Hang your food off the ground to keep ants from getting at it. Check carefully for ant holes in the area, may not be any mounds. And shake your boots out real good in the morning, you never know what might have moved in. Rattlesnakes will generally warn you before you even see them, but keep an eye on where you put your feet anyway.

Black widows will only make you sick, same with scorpions, but keep a real good eye out for brown recluses, and get to a doctor if one bites you.

You won't see much in the way of trees, or natural shade, so having a couple of poles and a tarp will be a big help. You could maybe just rig something with your bike.

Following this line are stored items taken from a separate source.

Lemma is_series_nb_expect s g u : 0 < s -> quad_growth g -> 0 <= u ->
  is_series (fun k => Rpower (1 + u) (- s) * (nbcoef s k * g k * nbprob u ^ k)) (nb_expect s g u).
Proof.
  intros Hs Hg Hu.
  exact (is_series_scal_l _ _ _ (Series_correct _
           (ex_series_nb s g (nbprob u) Hs Hg ltac:(apply Rabs_nbprob_lt_1; lra)))).
Qed.

(** * Poisson expectations *)

Lemma CV_radius_inv_fact_quad : CV_radius (fun k => / INR (fact k) * (INR k + 1) ^ 2) = p_infty.
Proof.
  apply CV_radius_infinite_DAlembert.
  - intros k. pose proof (INR_fact_lt_0 k). pose proof (pos_INR k).
    apply Rmult_integral_contrapositive; split; [apply Rinv_neq_0_compat; lra | apply pow_nonzero; lra].
  - apply is_lim_seq_ext with
      (fun k => (2 + INR k) / (INR k + 1) * ((2 + INR k) / (INR k + 1)) * / (INR k + 1)).
    + intros k. rewrite fact_simpl, mult_INR, !S_INR. pose proof (INR_fact_lt_0 k). pose proof (pos_INR k).
      rewrite Rabs_pos_eq.
      * field. repeat split; lra.
      * apply Rle_mult_inv_pos.
        -- apply Rmult_le_pos; [left; apply Rinv_0_lt_compat; nra | apply pow2_ge_0].
        -- apply Rmult_lt_0_compat; [apply Rinv_0_lt_compat | apply pow_lt]; lra.
    + replace (Finite 0) with (Finite (1 * 1 * 0)) by (f_equal; ring).
      apply is_lim_seq_mult'; [apply is_lim_seq_mult'; apply is_lim_seq_ratio_succ | apply is_lim_seq_inv_succ].
Qed.

Definition poisson_series (g : nat -> R) (l : R) : R :=
  PSeries (fun k => / INR (fact k) * g k) l.

Lemma poisson_series_radius g l : quad_growth g ->
  Rbar_lt (Rabs l) (CV_radius (fun k => / INR (fact k) * g k)).
Proof.
  intros Hg. apply Rbar_lt_le_trans with (CV_radius (fun k => / INR (fact k) * (INR k + 1) ^ 2)).
  - rewrite CV_radius_inv_fact_quad. exact I.
  - apply (CV_radius_quad_growth (fun k => / INR (fact k))); [| exact Hg].
    intros k. left. apply Rinv_0_lt_compat, INR_fact_lt_0.
Qed.

Lemma ex_series_poisson g l : quad_growth g -> ex_series (fun k => / INR (fact k) * g k * l ^ k).
Proof. intros Hg. apply ex_series_of_CV_radius, poisson_series_radius, Hg. Qed.
(* Let $h>0$, $0<\alpha\le 0.1$, and let $\overline S=\{(kh,h):k\in\mathbb Z\}\subseteq S$ be the camera grid of resolution $\delta_d=h$. For every target $g\in G$, $$\overline\varepsilon(g)\;\le\;1.72\,\varepsilon(g,S),\qquad\text{where }\ \overline\varepsilon(g)=\min_{s_i,s_j\in\overline S}\varepsilon(g,\{s_i,s_j\}).$$
   Context: Work in $\mathbb{R}^2$ with coordinates $(x,z)$. The ground line is $G=\{z=0\}$ and the viewing line is $S=\{z=h\}$. For a point $s$ and unit vector $u$, the wedge $W(s,u)=\{s+rv:\ r\ge0,\ |v|=1,\ \angle(v,u)\le\alpha\}$ (opening angle $2\alpha$). For target $g$ and camera $s$, $\mathcal W(g,s)$ is the set of all wedges $W(s,u)$ containing $g$. For $C\subseteq S$, $\varepsilon(g,C)=\sup\{\operatorname{diam}(\bigcap_{s\in C}W_s): W_s\in\mathcal W(g,s)\ \forall s\in C\}$. *)

From Stdlib Require Import Reals Lra.
Open Scope R_scope.

Definition pt := (R * R)%type.

Definition dot (a b : pt) : R := fst a * fst b + snd a * snd b.
Definition norm (a : pt) : R := sqrt (dot a a).
Definition dist (a b : pt) : R := norm (fst a - fst b, snd a - snd b).

(* Angle between two unit vectors. *)
Definition angle (v u : pt) : R := acos (dot v u).

Definition ground (g : pt) : Prop := snd g = 0.
Definition viewline (h : R) (s : pt) : Prop := snd s = h.

Definition wedge (alpha : R) (s u : pt) (p : pt) : Prop :=
  exists r v, 0 <= r /\ norm v = 1 /\ angle v u <= alpha /\
    p = (fst s + r * fst v, snd s + r * snd v).

Definition admissible (alpha : R) (g s u : pt) : Prop :=
  norm u = 1 /\ wedge alpha s u g.

Definition diam_le (A : pt -> Prop) (c : R) : Prop :=
  forall p q, A p -> A q -> dist p q <= c.

(* eps(g,C) <= c, where eps(g,C) is the supremum over all admissible
   choices (W_s)_{s in C} (encoded by the axis map u) of diam(cap_{s in C} W_s). *)
Definition eps_le (alpha : R) (g : pt) (C : pt -> Prop) (c : R) : Prop :=
  forall u : pt -> pt,
    (forall s, C s -> admissible alpha g s (u s)) ->
    diam_le (fun p => forall s, C s -> wedge alpha s (u s) p) c.

Definition grid (h : R) (s : pt) : Prop := exists k : Z, s = (IZR k * h, h).

Definition pair_set (a b : pt) (s : pt) : Prop := s = a \/ s = b.

From Pilot Require Import Defs.
From Stdlib Require Import Reals Lra Psatz.
Open Scope R_scope.

(* A point [p] lies in [W(s,u)] iff [p - s] makes cosine at least [cos α] with [u]; hence two
   points lie in a common wedge at [s] iff they are seen from [s] under an angle at most [2α].

   Lower bound: from every camera of [S], the target [g] and the point at depth
   [c h], [c = 2 sin 2α (1 + sin 2α) / cos² 2α], below it are seen under an angle at most [2α],
   so [ε(g,S) ≥ c h].

   Upper bound: take the grid cameras [(kh,h)] and [((k+2)h,h)] with [g] at horizontal offset
   in [[h/2, 3h/2]] from the first. Points of the intersection lie below the cameras, and in
   terms of the slopes [t = (x - a)/(h - z)] of the rays from a camera [(a,h)] the wedge
   constraints read [cos 2α |t - t'| ≤ sin 2α (1 + t t')]. They confine the slopes to explicit
   intervals, and the squared distance of two points, a rational function of their four
   slopes, is bounded by [(1.72 c h)²] through polynomial estimates valid for [sin 2α ≤ 1/5]. *)

Definition vsub (p q : pt) : pt := (fst p - fst q, snd p - snd q).
Definition vadd (p q : pt) : pt := (fst p + fst q, snd p + snd q).
Definition cross (a b : pt) : R := fst a * snd b - snd a * fst b.
Definition normalize (a : pt) : pt := (fst a / norm a, snd a / norm a).
Definition bisector (a b : pt) : pt := normalize (vadd (normalize a) (normalize b)).

Lemma Rabs_mul_self (x : R) : Rabs x * Rabs x = x * x.
Proof. symmetry. exact (Rsqr_abs x). Qed.

Lemma dot_self_nonneg (a : pt) : 0 <= dot a a.
Proof. unfold dot. nra. Qed.

Lemma norm_sqr (a : pt) : norm a * norm a = dot a a.
Proof. apply sqrt_sqrt, dot_self_nonneg. Qed.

Oh, and bring a bandanna to tie around your face in case of dust storm. They happen, and the bandanna can make it much less bad.


----------



## Dmac (Aug 30, 2014)

i would definitely get an umbrella, easy to pack, instant shade and some wind protection too. put a good sized tarp out, lay on it instead of the ground. tent is the best, but you can set it up on the tarp for extra protection. a hat like a panama, boonie hat or anything with a large bill all the way around is also great for the deserts.


----------



## Kate Westcoast (Aug 30, 2014)

Thannkkkkyou!


----------



## spectacular (Aug 30, 2014)

don't have as much of a problem with ants in the larger town and cities as I do roaches, who I sometimes find hanging out next to my head or hand or something


----------



## Matt Derrick (Aug 31, 2014)

i don't know if this represents all of southern california, but i'll tell you what i know from living in slab city (which is in the same area).

there are rattlesnakes but like Dameon said, they're rare, and they'll warn you before you get near. rattlesnakes are actually very docile creatures, and they won't attack you unless they feel threatened. this past winter i watched a guy playing in a pit of rattlers, check out the video here:



but point is that they get more paranoid if you move side to side, rather than backing straight away from them, which is the best way to walk away from them.

there are tarantulas and scorpions, but the tarantulas are VERY rare, but huge! if you got bit by one they're not poisonous though. the scorpions will make you sick for up to 12 hours, but not kill you. scorpions can most often be found hiding under things, between something like a garbage can and the ground, where it's a little cooler. scorpions don't become a big deal until april anyways (at least in slab city) so you probably won't see many. in that region they're actually a neonish light green, and maybe a max of 2-3 inches.


----------